In the Euclidean space $\mathbb{R}^n$ consider two (ordered) sets of vectors $a_1 \ldots a_k$ and $b_1 \ldots b_k$ with $k \le n$.
Question
- What is the geometrical interpretation of $\det(a_i \cdot b_j)?$
- Is it true that $\det(a_i\cdot b_j)=\det(a'_p\cdot b'_q)$ if $a_1\wedge \ldots \wedge a_k=a'_1\wedge \ldots \wedge a'_k$ and $b_1\wedge \ldots \wedge b_k=b'_1\wedge \ldots \wedge b'_k?$
Since $\det(a_i\cdot a_j)$ equals the squared $k$-volume spanned by $a_1\ldots a_k$, I guess that $\det(a_i\cdot b_j)$ may be interpreted as the $k$-volume spanned by some kind of projection of $b_1\wedge \ldots \wedge b_k$ (thought of as an oriented $k$-parallelogram) onto $a_1\wedge \ldots \wedge a_k$. For the same reason I would answer affirmatively to the second question.

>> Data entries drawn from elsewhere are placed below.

(* Let $n\ge 2$. The number of distinct diagonals $(F_{0,0},F_{1,1},\dots,F_{2n-3,2n-3})$ occurring among the $\mathbf{F}$-matrices of fully heterochronous ranked tree shapes with $n$ leaves equals the Catalan number $C_{n-1}=\frac1n\binom{2n-2}{n-1}$.
   Context: A fully heterochronous ranked tree shape with $n$ leaves is a rooted full binary tree (every node has out-degree $0$ or $2$), without leaf labels, with $n$ leaves, together with a total ordering of all $2n-1$ nodes (leaves included) such that nodes appear in increasing order along every path from the root to a leaf; the position of a node in this order, numbered $0,\dots,2n-2$, is its rank. Its $\mathbf{F}$-matrix is the $(2n-2)\times(2n-2)$ lower triangular matrix $F$, indices from $0$ to $2n-3$, where for $0\le j\le i$ the entry $F_{i,j}$ is the number of edges from a parent node $v$ to a child node $w$ with rank of $v$ at most $j$ and rank of $w$ larger than $i$. *)

From mathcomp Require Import all_boot.
Set Implicit Arguments. Unset Strict Implicit. Unset Printing Implicit Defensive.

(* A fully heterochronous ranked tree shape with n leaves is encoded by
   identifying each of its 2n-1 nodes with its rank (an element of
   'I_(2n-1)).  The tree is given by its parent map [p]: the parent of the
   node of rank w (w > 0) is the node of rank [p w]; the value [p 0] (root)
   is irrelevant.  Since ranks increase along root-to-leaf paths, the root
   has rank 0 and every non-root node has a parent of smaller rank. *)

Notation node n := 'I_(n.*2.-1).

Definition nchildren n (p : {ffun node n -> node n}) (v : node n) : nat :=
  #|[set w : node n | (0 < w) && (p w == v)]|.

Definition ranked_tree n (p : {ffun node n -> node n}) : bool :=
  [&& [forall w : node n, (0 < w) ==> (p w < w)],
      [forall v : node n, (nchildren p v == 0) || (nchildren p v == 2)]
    & #|[set v : node n | nchildren p v == 0]| == n].

Definition Fentry n (p : {ffun node n -> node n}) (i j : nat) : nat :=
  #|[set w : node n | [&& 0 < w, p w <= j & i < w]]|.

Definition Fdiag n (p : {ffun node n -> node n}) : seq nat :=
  [seq Fentry p i i | i <- iota 0 (n.*2 - 2)].

Definition diagonals n : seq (seq nat) :=
  undup [seq Fdiag p | p <- enum {ffun node n -> node n} & ranked_tree p].

Definition catalan (m : nat) : nat := 'C(m.*2, m) %/ m.+1.

From mathcomp Require Import all_boot zify.
Set Implicit Arguments. Unset Strict Implicit.

(* F_{i,i} counts the edges alive between ranks i and i+1.  Going down the
   ranks it starts at 2, moves by +1 at an internal node and by -1 at a leaf,
   stays positive and ends at 1: a diagonal is a Dyck path of semilength n-1,
   shifted up by one.  Conversely every such path is the diagonal of the tree
   in which each new node hangs from the most recently opened free edge.  Dyck
   paths are counted by the ballot numbers C(k, d) - C(k, d+1). *)

Definition updown (a b : nat) : bool := (b == a.+1) || (b.+1 == a).

Fixpoint dyck_walk (h : nat) (s : seq nat) : bool :=
  if s is x :: s' then [&& 0 < x, updown h x & dyck_walk x s'] else h == 1.

Fixpoint dyck_walks (k h : nat) : seq (seq nat) :=
  if k is k'.+1 then
    map (cons h.+1) (dyck_walks k' h.+1) ++
    (if 1 < h then map (cons h.-1) (dyck_walks k' h.-1) else [::])
  else if h == 1 then [:: [::]] else [::].

Lemma mem_dyck_walks k h s :
  (s \in dyck_walks k h) = (size s == k) && dyck_walk h s.
Proof.
elim: k h s => [|k IH] h [|x s] /=; first by case: (h == 1).
- by case: (h == 1).
- rewrite mem_cat; apply/negbTE/norP; split; first by apply/mapP => -[].
  by case: ifP => // _; apply/mapP => -[].
have mem_cons a y L : (y :: s \in map (cons a) L) = (y == a) && (s \in L).
  by apply/mapP/andP => [[t tL [-> ->]] | [/eqP-> sL]]; last exists s.
rewrite mem_cat eqSS mem_cons IH /updown.
case: ifP => h1; rewrite ?mem_cons ?in_nil ?IH ?orbF.
  have [->|_] := eqVneq x h.+1.
    by rewrite (_ : h.+1 == h.-1 = false) /= ?orbF //; apply/eqP; lia.
  have [->|x_ne] := eqVneq x h.-1.
    have h_pos : 0 < h.-1 by rewrite -ltnS prednK // ltnW.
    by rewrite /= h_pos prednK ?eqxx // ltnW.
  rewrite /= (_ : x.+1 == h = false) ?andbF //.
  by apply/eqP; move/eqP: x_ne; lia.
have [->|_] := eqVneq x h.+1; first by [].
case: x => [|x] /=; first by rewrite andbF.
by rewrite (_ : x.+2 == h = false) ?andbF //; apply/eqP; lia.
Qed.

Lemma uniq_dyck_walks k h : uniq (dyck_walks k h).
Proof.
elim: k h => [|k IH] h /=; first by case: (h == 1).
have cons_inj a : injective (@cons nat a) by move=> ? ? [].
rewrite cat_uniq map_inj_uniq ?IH //=; case: ifP => _ //=.
rewrite map_inj_uniq ?IH ?andbT //.
by apply/hasPn => _ /mapP[t _ ->]; apply/mapP => -[u _ [/eqP]]; lia.
Qed.

Lemma size_dyck_walksS k h :
  size (dyck_walks k.+1 h.+1) =
  size (dyck_walks k h.+2) + (if h is h'.+1 then size (dyck_walks k h'.+1) else 0).
Proof. by rewrite /= size_cat size_map; case: h => [|h] //=; rewrite size_map. Qed.

Lemma size_dyck_walks k h d :
  k + h = d.*2 -> size (dyck_walks k h.+1) + 'C(k, d.+1) = 'C(k, d).
Proof.
elim: k h d => [|k IH] h d kh.
  case: d kh => [|d] kh; first by have -> : h = 0 by lia.
  by case: h kh => [|h] kh; rewrite bin0n addn0 //; lia.
case: d kh => [|d] kh; first by [].
have IH_up : k + h.+1 = d.+1.*2 by rewrite addnS.
move: (IH h.+1 d.+1 IH_up); rewrite size_dyck_walksS !binS.
case: h kh {IH_up} => [|h] kh IH_up.
  have sym : 'C(k, d.+1) = 'C(k, d).
    have d_le : d <= k by lia.
    by rewrite -(bin_sub d_le); congr 'C(_, _); lia.
  lia.
have IH_down : k + h = d.*2 by lia.
by move: (IH h d IH_down); lia.
Qed.

Lemma size_dyck_walks_catalan m : size (dyck_walks m.*2 1) = catalan m.
Proof.
have ballot := size_dyck_walks (addn0 m.*2).
have bin_shift : m.+1 * 'C(m.*2, m.+1) = m * 'C(m.*2, m).
  by rewrite mul_bin_left; congr (_ * _); lia.
rewrite /catalan (_ : 'C(m.*2, m) = m.+1 * size (dyck_walks m.*2 1)) ?mulKn //.
nia.
Qed.

Lemma dyck_walkE h s :
  dyck_walk h s =
  all (fun i => (0 < nth 0 s i) && updown (nth 0 (h :: s) i) (nth 0 s i)) (iota 0 (size s))
  && (last h s == 1).
Proof.
elim: s h => [|x s IH] h //=.
by rewrite IH -(addn0 1) iotaDl all_map -!andbA.
Qed.

Lemma card_set_ord N (P : pred nat) : #|[set w : 'I_N | P w]| = count P (iota 0 N).
Proof.
rewrite cardsE cardE -val_enum_ord count_map /enum_mem size_filter count_filter.
by apply: eq_count => x; rewrite /= andbT.
Qed.

Lemma nth_Fdiag n (p : {ffun node n -> node n}) i :
  i < n.*2 - 2 -> nth 0 (Fdiag p) i = Fentry p i i.
Proof. by move=> lt_i; rewrite (nth_map 0) ?size_iota // nth_iota. Qed.

Section ParentMap.

Variables (n : nat) (p : {ffun node n -> node n}).
Hypothesis parent_lt : forall w : node n, 0 < w -> p w < w.

Lemma Fentry00 (r : node n) : val r = 0 -> Fentry p 0 0 = nchildren p r.
Proof.
move=> r0; apply: eq_card => w; rewrite !inE -val_eqE /= r0.
by have := @parent_lt w; lia.
Qed.

Lemma Fentry_diagS (v : node n) :
  0 < v -> Fentry p v v + 1 = Fentry p v.-1 v.-1 + nchildren p v.
Proof.
move=> v_gt0; rewrite /Fentry /nchildren.
set A := [set w | _]; set B := [set w | _]; set C := [set w | _].
have BC : B :|: C = v |: A.
  by apply/setP => w; rewrite !inE -!val_eqE /=; have := @parent_lt w; lia.
have B0C : B :&: C = set0.
  by apply/setP => w; rewrite !inE -!val_eqE /=; have := @parent_lt w; lia.
have vNA : v \notin A by rewrite !inE; lia.
by rewrite -cardsUI B0C cards0 addn0 BC cardsU1 vNA addnC.
Qed.

(* The leading 1 stands for the virtual edge above the root. *)
Lemma Fdiag_step (v : node n) :
  v < n.*2 - 2 -> nth 0 (Fdiag p) v + 1 = nth 0 (1 :: Fdiag p) v + nchildren p v.
Proof.
move=> lt_v; rewrite nth_Fdiag //.
case: (posnP v) => [v0 | v_gt0]; first by rewrite v0 (Fentry00 v0) addnC.
by rewrite -(prednK v_gt0) /= nth_Fdiag ?prednK ?Fentry_diagS //; lia.
Qed.

Lemma Fentry_diag_gt0 i : i.+1 < n.*2.-1 -> 0 < Fentry p i i.
Proof.
move=> lt_i; apply/card_gt0P; exists (Ordinal lt_i); rewrite inE /=.
by have := @parent_lt (Ordinal lt_i) isT; rewrite /= ltnS => -> /=.
Qed.

Lemma Fentry_diag_last i : i.+2 = n.*2.-1 -> Fentry p i i = 1.
Proof.
move=> last_i; have lt_i : i.+1 < n.*2.-1 by lia.
rewrite -(cards1 (Ordinal lt_i)); apply: eq_card => w; rewrite !inE -val_eqE /=.
by have := @parent_lt w; have := ltn_ord w; lia.
Qed.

Given a Euclidean structure on $\mathbb R^n$, you deduce a canonical euclidean structure on each $\Lambda ^k\mathbb R^n$.
On pairs of decomposable elements $a_1\wedge \ldots \wedge a_k, b_1\wedge \ldots \wedge b_k\in\Lambda ^k\mathbb R^n$ it is given by the formula $$ (a_1\wedge \ldots \wedge a_k\mid b_1\wedge \ldots \wedge b_k)= \det(a_i\cdot b_j) $$
So your determinant is the scalar product of two vectors, but in a new vector space.
In particular you have the pleasant interpretation that the volume of the parallelipiped spanned by the vectors $a_1, \ldots ,a_k\in V$ is the length of the vector $a_1\wedge \ldots \wedge a_k\in \Lambda ^k\mathbb R^n$.
The above interpretation makes it now obvious that given $$\omega =a_1\wedge \ldots \wedge a_k, \:\omega '=a'_1\wedge \ldots \wedge a'_k, \eta=b_1\wedge \ldots \wedge b_k, \eta'=b'_1\wedge \ldots \wedge b'_k$$ the equalities $\omega=\omega'$ and $\eta=\eta'$ imply that $$(\omega\mid\eta)=\det(a_i\cdot b_j)=(\omega'\mid\eta')=\det(a'_p\cdot b'_q)$$